Don't even get me started on password/secrets vaults. Cyber doesn't like that users keep passwords floating around in 100 different places and ways, so they came up with a password vault. Now all secrets and passwords are in a single location and accessible by anyone that can auth. So, Julie in HR who's password is snoopy123 can access every password that the organization uses for everything! Does that sound like a secure system to you? Now your one personal password is even more important to not lose. I did some asking around when password vaults first arrived on the scene and the authors of the password vaults even admitted that the only good reason for password vaults as far as security goes is that AFTER an intrusion, the access logs can be checked to see who requested the password used in the intrusion. That and automated password-rotation is really the only reasons that I can see using a password vault over the traditional method of password management.

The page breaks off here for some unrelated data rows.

Let k2_pos : 0 < k2.
Proof.
  assert (Hs : 0 < sin (delta / b)).
  { apply sin_gt_0; unfold delta; generalize PI_RGT_0 b_gt1; intros.
    - apply Rdiv_lt_0_compat; [apply delta_pos | lra].
    - replace (PI / (2 * b) / b) with (PI * / (2 * (b * b))) by (field; lra).
      rewrite <- (Rmult_1_r PI) at 2. apply Rmult_lt_compat_l; [lra|].
      rewrite <- Rinv_1. apply Rinv_lt_contravar; lra. }
  unfold k2, Rmin. destruct (Rle_dec _ _); [lra|]. rewrite Rabs_pos_eq; lra.
Qed.

(* The contour height [delta] puts [w * b] on the line [Im = PI / 2], where [sin = 1]. *)
Lemma Cmod_csinh_mul_b_ge (x : R) :
  exp (b * Rabs x) / 4 <= Cmod (csinh ((x, delta) * RtoC b)%C).
Proof.
  replace ((x, delta) * RtoC b)%C with (x * b, PI / 2).
  - eapply Rle_trans; [|apply Cmod_csinh_exp_ge]. rewrite sin_PI2, Rabs_R1.
    rewrite Rmin_left, Rabs_mult, (Rabs_pos_eq b) by lra.
    right. rewrite (Rmult_comm (Rabs x) b). field.
  - apply injective_projections; simpl; unfold delta; field; lra.
Qed.

Lemma Cmod_csinh_div_b_ge (x : R) :
  k2 * exp (Rabs x / b) <= Cmod (csinh ((x, delta) / RtoC b)%C).
Proof.
  replace ((x, delta) / RtoC b)%C with (x / b, delta / b).
  - eapply Rle_trans; [|apply Cmod_csinh_exp_ge].
    unfold Rdiv. rewrite Rabs_mult, Rabs_inv, (Rabs_pos_eq b) by lra. right. reflexivity.
  - apply injective_projections; simpl; field; lra.
Qed.

Let Cmod_contour_ge (x : R) : delta <= Cmod (x, delta).
Proof.
  eapply Rle_trans; [|apply Rmax_Cmod]. simpl.
  rewrite (Rabs_pos_eq delta) by (generalize delta_pos; lra). apply Rmax_r.
Qed.

Lemma Phi_denominator_ge (x : R) :
  k2 * exp ((b + / b) * Rabs x)
    <= Cmod (RtoC 4 * csinh ((x, delta) * RtoC b) * csinh ((x, delta) / RtoC b)).
Proof.
  rewrite !Cmod_mult, Cmod_R, (Rabs_pos_eq 4) by lra.
  replace ((b + / b) * Rabs x) with (b * Rabs x + Rabs x / b) by (field; apply Rgt_not_eq; lra).
  rewrite exp_plus.
  generalize (Cmod_csinh_mul_b_ge x) (Cmod_csinh_div_b_ge x) (exp_pos (b * Rabs x)) k2_pos.
  set (e := exp (Rabs x / b)). assert (0 < e) by apply exp_pos.
  intros H1 H2 He1 Hk2. apply (Rle_trans _ (4 * (exp (b * Rabs x) / 4) * (k2 * e))); [lra|].
  apply Rmult_le_compat; [lra | apply Rmult_le_pos; lra | lra | exact H2].
Qed.

Definition Im_window (y : R) : Prop := (/ b - b) / 2 <= y <= (/ b - b) / 2 + / b.

(* [b * b >= 2] is exactly what makes the growth [exp (2 Im z x)] of the numerator lose against
   the growth [exp ((b + 1/b) |x|)] of the denominator, at rate [2 / b]. *)
Lemma integrand_exponent_le (z : C) (A x : R) : Rabs (Re z) <= A -> Im_window (Im z) ->
  2 * (Re z * delta + Im z * x) - (b + / b) * Rabs x <= 2 * A * delta - 2 / b * Rabs x.
Proof.
  intros HA [Hz1 Hz2].
  assert (Hd := delta_pos). assert (Hib : 0 < / b) by (apply Rinv_0_lt_compat; lra).
  assert (Hbi : b * / b = 1) by (field; lra).
  assert (Re z * delta <= A * delta) by (apply Rmult_le_compat_r; generalize (Rle_abs (Re z)); lra).
  unfold Rdiv. destruct (Rle_dec 0 x).
  - rewrite Rabs_pos_eq by lra.
    assert (Im z * x <= ((/ b - b) / 2 + / b) * x) by (apply Rmult_le_compat_r; lra).
    assert (/ b * x <= b / 2 * x) by (apply Rmult_le_compat_r; [lra|]; nra).
    nra.
  - rewrite Rabs_left by lra.
    assert (Im z * x <= (/ b - b) / 2 * x) by nra.
    nra.
Qed.

Lemma Cmod_Phi_integrand_le (z : C) (A x : R) : Rabs (Re z) <= A -> Im_window (Im z) ->
  Cmod (Phi_integrand b z x) <= exp (2 * A * delta) / (k2 * delta) * exp (- (2 / b) * Rabs x).
Proof.
  intros HA Hz. unfold Phi_integrand. rewrite delta_b_eq. fold delta.
  assert (Hd := delta_pos). assert (Hk2 := k2_pos).
  assert (Hden := Phi_denominator_ge x). assert (Hw := Cmod_contour_ge x).
  assert (Hc := exp_pos ((b + / b) * Rabs x)).
  set (den := (RtoC 4 * csinh ((x, delta) * RtoC b) * csinh ((x, delta) / RtoC b))%C) in *.
  set (P := 2 * (Re z * delta + Im z * x)).
  assert (HP : Cmod (cexp (- RtoC 2 * Ci * z * (x, delta))) = exp P)
    by (rewrite Cmod_cexp; f_equal; unfold P; destruct z; simpl; ring).
  unfold Cdiv. rewrite !Cmod_mult, !Cmod_Cinv, HP.
  apply Rle_trans with (exp (P - (b + / b) * Rabs x) / (k2 * delta)).
  - replace (exp (P - (b + / b) * Rabs x) / (k2 * delta))
      with (exp P * / (k2 * exp ((b + / b) * Rabs x) * delta))
      by (unfold Rminus; rewrite exp_plus, exp_Ropp; field; repeat split; lra).
    rewrite Rmult_assoc, <- Rinv_mult.
    apply Rmult_le_compat_l; [left; apply exp_pos|].
    apply Rinv_le_contravar; [apply Rmult_lt_0_compat; [apply Rmult_lt_0_compat|]; lra|].
    apply Rmult_le_compat; [apply Rmult_le_pos; lra | lra | exact Hden | exact Hw].
  - replace (exp (2 * A * delta) / (k2 * delta) * exp (- (2 / b) * Rabs x))
      with (exp (2 * A * delta - 2 / b * Rabs x) / (k2 * delta))
      by (unfold Rminus; rewrite exp_plus, Ropp_mult_distr_l; field; lra).
    apply Rmult_le_compat_r; [left; apply Rinv_0_lt_compat; nra|].
    apply exp_le_exp, integrand_exponent_le; assumption.
Qed.

Lemma ex_RInt_Phi_integrand (z : C) (u v : R) :
  @ex_RInt CR (Phi_integrand b z) u v.
Proof.
  apply ex_RInt_continuous. intros y _. apply C_continuity_pt_continuous.
  unfold Phi_integrand. rewrite delta_b_eq. fold delta.
  assert (Hnz : forall w : C, 0 < Cmod w -> w <> RtoC 0).
  { intros w Hw E. rewrite E, Cmod_0 in Hw. lra. }
  assert (Hw : C_continuity_pt (fun x : R => (x, delta)) y).
  { apply C_continuity_pt_pair; [apply continuity_pt_id|].
    apply continuity_pt_const; intros r s; reflexivity. }
  assert (Hb : C_continuity_pt (fun _ => / RtoC b)%C y).
  { apply C_continuity_pt_inv; [apply C_continuity_pt_const|].
    apply Hnz. rewrite Cmod_R, Rabs_pos_eq; lra. }
  apply C_continuity_pt_mult with (f := fun x => (cexp _ / _)%C); [apply C_continuity_pt_mult|].
  - apply C_continuity_pt_cexp, C_continuity_pt_mult; [apply C_continuity_pt_const | exact Hw].
  - apply C_continuity_pt_inv.
    + apply C_continuity_pt_mult; [apply C_continuity_pt_mult; [apply C_continuity_pt_const|]|];
        apply C_continuity_pt_csinh, C_continuity_pt_mult;
        first [exact Hw | exact Hb | apply C_continuity_pt_const].
    + apply Hnz. eapply Rlt_le_trans; [|apply Phi_denominator_ge].
      apply Rmult_lt_0_compat; [apply k2_pos | apply exp_pos].
  - apply C_continuity_pt_inv; [exact Hw|].
    apply Hnz. eapply Rlt_le_trans; [apply delta_pos | apply Cmod_contour_ge].
Qed.

Lemma Faddeev_integral_bounded (A : R) : 0 <= A ->
  exists B, forall z : C, Rabs (Re z) <= A -> Im_window (Im z) ->
    Cmod (@RInt_gen CR (Phi_integrand b z)
            (Rbar_locally m_infty) (Rbar_locally p_infty)) <= B.
Proof.
  intros HA0. exists (2 * (exp (2 * A * delta) / (k2 * delta)) / (2 / b)).
  intros z HA Hz. apply Cmod_RInt_gen_exp_dominated.
  - apply Rdiv_lt_0_compat; lra.
  - left. apply Rdiv_lt_0_compat; [apply exp_pos|].
    apply Rmult_lt_0_compat; [apply k2_pos | apply delta_pos].
  - apply ex_RInt_Phi_integrand.
  - intros x. apply Cmod_Phi_integrand_le; assumption.
Qed.

End FaddeevIntegral.

Definition Cmod_pm_le (M : R) (z : C) : Prop := Cmod z <= M /\ Cmod (/ z) <= M.

Lemma Cmod_pm_le_trans (M M' : R) (z : C) : M <= M' -> Cmod_pm_le M z -> Cmod_pm_le M' z.
Proof. intros H [H1 H2]. split; lra. Qed.

Lemma Cmod_pm_le_Cinv (M : R) (z : C) : Cmod_pm_le M z -> Cmod_pm_le M (/ z).
Proof. intros [H1 H2]. split; [exact H2|]. rewrite !Cmod_Cinv, Rinv_inv. exact H1. Qed.

Lemma Cmod_pm_le_mult (M1 M2 : R) (z1 z2 : C) :
  Cmod_pm_le M1 z1 -> Cmod_pm_le M2 z2 -> Cmod_pm_le (M1 * M2) (z1 * z2).
Proof.
  intros [H1 H1'] [H2 H2']. rewrite Cmod_Cinv in H1', H2'.
  assert (0 <= / Cmod z1) by (rewrite <- Cmod_Cinv; apply Cmod_ge_0).
  assert (0 <= / Cmod z2) by (rewrite <- Cmod_Cinv; apply Cmod_ge_0).
  split; rewrite ?Cmod_Cinv, Cmod_mult; [|rewrite Rinv_mult];
    apply Rmult_le_compat; auto using Cmod_ge_0.
Qed.

Lemma Cmod_pm_le_cexp (B : R) (w : C) : Cmod w <= B -> Cmod_pm_le (exp B) (cexp w).
Proof.
  intros HB. assert (Hre := re_le_Cmod w).
  unfold Cmod_pm_le. rewrite Cmod_Cinv, Cmod_cexp, <- exp_Ropp. split; apply exp_le_exp;
    generalize (Rle_abs (Re w)) (Rle_abs (- Re w)); rewrite Rabs_Ropp; lra.
Qed.

Lemma Cmod_pm_le_cprod (U : R) (f : nat -> C) (n : nat) :
  (forall j, Cmod_pm_le U (f j)) -> Cmod_pm_le (U ^ n) (cprod f n).
Proof.
  intros Hf. unfold cprod. rewrite <- (length_seq n 0) at 1.
  induction (seq 0 n) as [|j l IH]; simpl.
  - unfold Cmod_pm_le. rewrite Cmod_Cinv, Cmod_R, Rabs_R1, Rinv_1. split; lra.
  - apply Cmod_pm_le_mult; [apply Hf | exact IH].
Qed.

Lemma Re_Faddeev_arg (b : R) (t0 : C) : b <> 0 ->
  Re (Ci * RtoC b * t0 - c_b b + Ci / RtoC b) = - b * Im t0.
Proof. intros Hb. destruct t0. unfold c_b. simpl. field. exact Hb. Qed.

Lemma Im_Faddeev_arg (b : R) (t0 : C) : b <> 0 ->
  Im (Ci * RtoC b * t0 - c_b b + Ci / RtoC b) = b * Re t0 + (/ b - b) / 2.
Proof. intros Hb. destruct t0. unfold c_b. simpl. field. exact Hb. Qed.

Lemma Nr_ge2 (N : nat) : (2 <= N)%nat -> 2 <= Nr N.
Proof. intros H. unfold Nr. apply le_INR in H. simpl in H. lra. Qed.

(* On the strip [0 <= Re t0 <= 1/N] the argument of [Phi_strip] stays in the window where
   the Faddeev integral converges uniformly, since [sqrt N * (1/N) = 1 / sqrt N]. *)
Lemma E_N_strip_bounded (N : nat) (A : R) : (2 <= N)%nat -> 0 <= A ->
  exists M, forall t0 : C, 0 <= Re t0 <= / Nr N -> Rabs (Im t0) <= A ->
    Cmod_pm_le M (E_N_strip N t0).
Proof.
  intros HN HA. set (b := sqrt (Nr N)). assert (HN2 := Nr_ge2 N HN).
  assert (Hbb : b * b = Nr N) by (apply sqrt_sqrt; lra).
  assert (Hb : 0 < b) by (apply sqrt_lt_R0; lra).
  destruct (Faddeev_integral_bounded b Hb ltac:(lra) (b * A) ltac:(nra)) as [B HB].
  exists (exp B). intros t0 Hre Him. apply Cmod_pm_le_cexp, HB; fold b.
  - rewrite Re_Faddeev_arg by (apply Rgt_not_eq; lra).
    rewrite Rabs_mult, Rabs_Ropp, (Rabs_pos_eq b) by lra.
    apply Rmult_le_compat_l; lra.
  - rewrite Im_Faddeev_arg by (apply Rgt_not_eq; lra). unfold Im_window.
    assert (Hinv : b * / Nr N = / b) by (rewrite <- Hbb; field; lra).
    assert (b * Re t0 <= / b) by (rewrite <- Hinv; apply Rmult_le_compat_l; lra).
    assert (0 <= b * Re t0) by (apply Rmult_le_pos; lra).
    lra.
Qed.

Personally, If I were designing a new secure infrastructure, I'd make a damn secure VPN and not use any external services (Office 365, I'm talking to you). Once you're inside the corporate firewall, feel free to use email with a normal email/password, chat can be done internally, we don't need Teams or Slack or anything crazy like that. Firewalls can allow NAT'd traffic to stop any unwanted outside connections from coming in. If this were the case, the only thing that we wouldn't have that corporate security wants is control over the user's laptop. There's nothing stopping someone from downloading a virus. There's nothing stopping an employee from picking up a USB thumb drive from the parking lot and plugging it into a laptop and a virus running rampant. To protect against these things, use password protection (and allow for password vaults) to add an additional level of security to sensitive things (databases, internal documentation, proprietary code repositories, etc.) which are already available in most tools. Personally, I don't see anything wrong with the old way of doing things. If/when an employee leaves, their VPN access is revoked and that's that. The door's locked.

If someone from "cyber" can tell me why the old way is bad and the new way is better, please tell me, because I'm so frustrated every time I have to re-authenticate everywhere, all the time, that it's the number one worst part of my job.